Your AI Tools Work for You — But They Answer to Someone Else

Every loan officer using an AI-powered CRM. Every real estate agent running automated market analysis. Every mortgage company leaning on machine learning to speed up underwriting. You’re all building your business on a foundation you don’t own, can’t see, and probably don’t think about.

That foundation is controlled by five companies spending half a trillion dollars a year to make sure it stays that way.

Here’s what that actually means for your business — in plain English.

The AI You Use Is Built on Rented Land

When you use an AI tool in your mortgage or real estate practice, you’re interacting with layers of technology stacked on top of each other. Your vendor’s software is the layer you see. But beneath it? Servers, chips, and networking hardware running inside a data center owned by Amazon, Google, Microsoft, Meta, or Oracle.

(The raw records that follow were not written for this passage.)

(* Let $n\ge 2$. Then $\Gamma^0=\mathrm{C}^\times$, and $$\Gamma^n=\begin{cases}\mathrm{C}^\times, & n \text{ odd},\\ \mathrm{C}^{\times(0)}\cup\mathrm{C}^{\times(1)}, & n\text{ even}.\end{cases}$$
   Context: Let $\mathrm{C}$ be either the real Clifford algebra $C\ell_{p,q}$ with $p+q=n$, or the complex Clifford algebra $C\ell(\mathbb{C}^n)$. It has identity $e$ and generators $e_1,\dots,e_n$ satisfying $e_ae_b+e_be_a=2\eta_{ab}e$. In the real case $\eta=\mathrm{diag}(1,\dots,1,-1,\dots,-1)$ with $p$ entries $+1$ and $q$ entries $-1$. In the complex case $\eta=I_n$. For $a_1<\dots<a_k$ write $e_{a_1\dots a_k}=e_{a_1}\cdots e_{a_k}$. $\mathrm{C}^k$ (grade $k$, $0\le k\le n$) is the span of the $e_{a_1\dots a_k}$ with $k$ indices; $\mathrm{C}^0=\mathrm{span}(e)$. The even subspace is $\mathrm{C}^{(0)}=\bigoplus_{k\text{ even}}\mathrm{C}^k$ and the odd subspace is $\mathrm{C}^{(1)}=\bigoplus_{k\text{ odd}}\mathrm{C}^k$. For any subset $S\subseteq\mathrm{C}$, $S^\times$ denotes the set of elements of $S$ invertible in $\mathrm{C}$; in particular $\mathrm{C}^{\times(j)}:=(\mathrm{C}^{(j)})^\times$. For $k=0,\dots,n$ define $\Gamma^k=\{T\in\mathrm{C}^\times: T\,\mathrm{C}^k\,T^{-1}\subseteq\mathrm{C}^k\}$. *)

(* Clifford algebras C\ell(K^n, eta) for a diagonal metric
   eta : 'I_n -> K, realised concretely on the basis of blades e_A, A : {set 'I_n}. *)
From HB Require Import structures.
From mathcomp Require Import all_boot all_order all_algebra.
From mathcomp Require Import reals.
From mathcomp Require Import complex.
Set Implicit Arguments. Unset Strict Implicit. Unset Printing Implicit Defensive.
Import Order.TTheory GRing.Theory Num.Theory.
Local Open Scope ring_scope.

(* An element of the Clifford algebra: its coordinates on the blade basis
   e_A = e_{a_1} ... e_{a_k}  (a_1 < ... < a_k, A = {a_1,...,a_k}, e_set0 = e). *)
Definition cl (K : fieldType) (n : nat) := {ffun {set 'I_n} -> K}.

(* e_A e_B = blade_sign A B * e_{A Δ B}:
   (-1)^#{(a,b) | a in A, b in B, b < a} * prod_{i in A ∩ B} eta_ii *)
Definition blade_sign (K : fieldType) (n : nat) (eta : 'I_n -> K)
    (A B : {set 'I_n}) : K :=
  (-1) ^+ #|[set ab : 'I_n * 'I_n | (ab.1 \in A) && (ab.2 \in B) && (ab.2 < ab.1)%N]|
  * \prod_(i in A :&: B) eta i.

Those companies charge your vendor for that computing power. Your vendor wraps it in a product, adds their own features and support, and charges you. It’s like leasing an office in a building you’ve never visited, managed by a landlord you’ve never met, who answers to five corporate real estate giants who just happen to own most of downtown.

As long as pricing is competitive and the infrastructure runs reliably, this arrangement works fine. But it creates dependencies that run deep — and those dependencies have real consequences when things shift.

The Cost Cliff Is Real

Here’s a number worth sitting with: the top three hyperscalers alone plan to invest more than $500 billion in AI infrastructure in fiscal year 2026. That’s an almost unimaginable amount of capital being deployed to build the biggest, most expensive computing infrastructure in human history.

That capital has to come from somewhere, and eventually it has to be paid back. Right now, hyperscalers are investing aggressively to capture market share. Pricing is relatively competitive. But history suggests that once a platform achieves dominant market position, pricing tends to follow.

We’ve seen this pattern in cloud storage, in advertising technology, in payment processing. The early days are cheap and competitive. Then consolidation happens. Then pricing power shifts toward the platform. This is not cynicism — it’s just how concentrated markets work.

What This Means for Smaller Lenders and Independent Brokers

Large banks and national lenders can absorb rising AI tool costs — they spread them across millions of transactions. They also have the leverage to negotiate directly with vendors and, in some cases, to build their own AI capabilities.

Smaller mortgage companies, independent brokers, and boutique real estate firms don’t have that luxury. They are almost entirely dependent on the vendor ecosystem. And that vendor ecosystem is almost entirely dependent on the hyperscalers.

A study of how lender size affects AI adoption found meaningful differences in what tools are available and affordable at different scales of operation. As the infrastructure layer becomes more concentrated and potentially more expensive, those differences could widen significantly.

There’s a Silver Lining — If You Act Like It

This is not a doomsday scenario. The AI tools available to mortgage and real estate professionals today are genuinely powerful, genuinely affordable, and genuinely transformative. The landscape is better than it has ever been for practitioners willing to learn how to use these tools effectively.

But being a smart user of AI in this environment means understanding what you’re depending on. It means asking vendors the right questions: Who hosts your infrastructure? What happens to our data if your pricing changes? What’s your contingency if your primary cloud provider raises rates or changes terms?

It means diversifying where you can — not putting your entire client communication strategy, your entire lead pipeline, and your entire marketing engine inside a single AI platform from a single vendor on a single hyperscaler’s infrastructure.

And it means staying informed, because the decisions being made at the top of this technology stack — in board rooms at Google, Microsoft, and Amazon — will eventually ripple all the way down to the independent loan officer in Scottsdale or the real estate team in Nashville.

The Data Center Is the New Real Estate

Here’s a thought worth leaving you with: data centers are becoming one of the most valuable classes of physical real estate in the world. Hyperscalers operated 1,360 major data centers globally by the end of 2025 — nearly triple the number from 2018. They are consuming enormous amounts of land, power, and water to house the infrastructure that AI depends on.

In a very real sense, the companies winning the AI race are the ones winning a real estate race first. They’re locking up the physical and digital land that everything else depends on.

You spend your career helping people navigate the most important real estate decisions of their lives. The same principles apply here: location matters, ownership matters, and understanding who controls the supply is everything.

The hyperscalers understand this. The question is whether the rest of us are paying close enough attention.